その後、京都大学、放送大学へ移られ、「文学者」としてマラルメ研究などでご活躍されていることは、メディアを通して存じ上げるのみ。ますます遠い「雲の上の人」であり続けた。
立ち上げたばかりの社からの復刊をお願いできるだろうか、一面識もない者にその資格はあるだろうか……。そんな悩み、不安とともに、お手紙を差し上げたのが、GW前であった(そう、ご住所すら存じ上げなかった!)。
柏倉先生は、そんな私の申し出を快諾下さったのである。初めてお目にかからせていただいたときは、嬉しさと緊張でいっぱいだった。
現在、ご多忙の中、全体を見直しながら加筆、訂正いただいている。元の新書版とは一味もふた味も異なった1冊に仕上げたい。

ちなみに、このちくま新書のベースにもなっている「ETV特集 パリ・エコール・ノルマルの二百年」(94年11月放送)は、当然リアルタイムで観ている。

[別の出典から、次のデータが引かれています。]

(* The caustic lies to the left of a chord tangent to it whenever the next chord
   (counterclockwise) also meets it: the next tangency point is strictly to the left. *)
Lemma chord_caustic_left a b a' b' x x' x'' : 0 < a -> 0 < b -> 0 < a' -> 0 < b' ->
  x < x' -> x' < x'' < x + 2 * PI -> ell_pt a b x <> ell_pt a b x' ->
  (forall s, 1 <= conic a' b' (lerp (ell_pt a b x) (ell_pt a b x') s)) ->
  chord_meets a b a' b' x' x'' -> caustic_left a b a' b' x x'.
Proof.
  intros ha hb ha' hb' h1 h2 hne hout [s [hs hmeet]].
  split; [lra |]. intros z hz.
  destruct (Rlt_or_le (side (ell_pt a b x) (ell_pt a b x') z) 0) as [hneg |]; [exfalso | assumption].
  apply (outside_line_one_side a' b' _ _ _ z ha' hb' hne hout hmeet hz); [| exact hneg].
  rewrite side_lerp, side_end.
  pose proof (side_beyond_arc_pos a b x x' ha hb ltac:(lra) x'' h2). nra.
Qed.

もちろん、ビデオテープに撮っている(ついこの間、苦労してDVDにダビング済み)。
本当なら、この映像とともに本書を読んでいただきたいぐらいである。

2011年5月27日金曜日

本を出します(『指導者はこうして育つ』)

2冊目の近刊案内として『指導者はこうして育つ――フランスの高等教育~グラン・ゼコール~』についてご紹介したい。
この本は、柏倉康夫著『エリートの育て方――グランド・ゼコールの社会学』(ちくま新書、1996年)の改訂版、という位置づけである。
著者の柏倉康夫先生は、放送大学名誉教授で、元NHKの記者、パリ支局長、解説主幹などを務めたかただ。場合によっては、マラルメ研究の第一人者、という紹介がいいのだろうか。筑摩書房、左右社などから多数の著書が出ている。
学生時代にジャーナリストを目指していた私にとっては、やはりパリ特派員としての印象が強い。この本も、当時NHK解説主幹としてご活躍中に著されたものだ。
さて、この本のどこに魅力があるのか。
なんといっても、私たち日本人が直面する教育問題、政治問題を解く手がかりを与えてくれるのである。
ヨーロッパから学ぶものは何もない、というのはまだ早い。まずは彼方の真の姿を覗いてみようではないか。
例えば、大学入試だ。ちょうど、震災前には京大入試のカンニング事件などがマスコミを賑わしていたが、もし、以下のような入試問題だとしたら、カンニングなどあり得ただろうか?

「幻想のない情熱というのはありうるか?」
制限時間4時間で、論文で答えよ。……

私など、頭を抱え込んでしまう。
フランスの大学入試(バカロレア)では、文科、理科を問わず、哲学を受験しなければならないらしいのだ。
その問題が、例えば上記のようなもの。
もちろん、そのための参考書はある。虎の巻だってある。
しかし、此方、日本の受験と比べれば、遥かに意義ある問題に思えてしまう。

この本は、単にフランスの教育を紹介するためのものではない。私たちの日本の将来を考えるために寄与するはずだ。
「リーダー不在の日本」。そんな声を誰もが評論家のように叫ぶ。だったら、リーダーたる人物を社会全体で育てようではないか。ぜひ、その糸口を見つけてほしいとの願いを込めて、この一冊を送り出したい。

2011年5月19日木曜日

本を出します(『グラッドストン伝』)

「出版社を立ち上げた」と言っても、やはり本を出さなければ、世間には認知してもらえない。何ら具体を持たないままの4月1日のスタートであったが、ようやく、近刊案内として、お知らせできることになったのは、誠に嬉しい。
今日は、そのうちの1冊、『グラッドストン伝――政治における使命感』(神川信彦先生・著、君塚直隆先生・解題)についてご紹介。
この本は、1967(昭和42)年に潮出版社から出され、その年の毎日出版文化賞を受賞するなど、各方面から高い評価を得た(と確信できます)。最初は、上下2巻本として、その後1977(昭和52)年には、潮選書として改版されている(今回は後者を底本とさせていただくつもりである)。
合計どれだけの数が市場に出回ったのかわからないが、今では絶版状態になっており、私自身も、インターネット古書店で購入したぐらいだ。
このたび、復刊するに当たっては、ご遺族のかたにまずご了解をいただいた。信彦先生の奥様はじめご家族の方々は、まだ立ち上げたばかりの社からの出版にも関わらず快くご理解下さった。改めて感謝するとともに、いい本に仕上げることをここに改めてお約束したい。
そして、潮出版社からも小社からの復刊を了承いただいたことは、形式的な点とはいえ(例えば、他の老舗出版社がすでに検討していた、ということもあり得たわけで)嬉しかった。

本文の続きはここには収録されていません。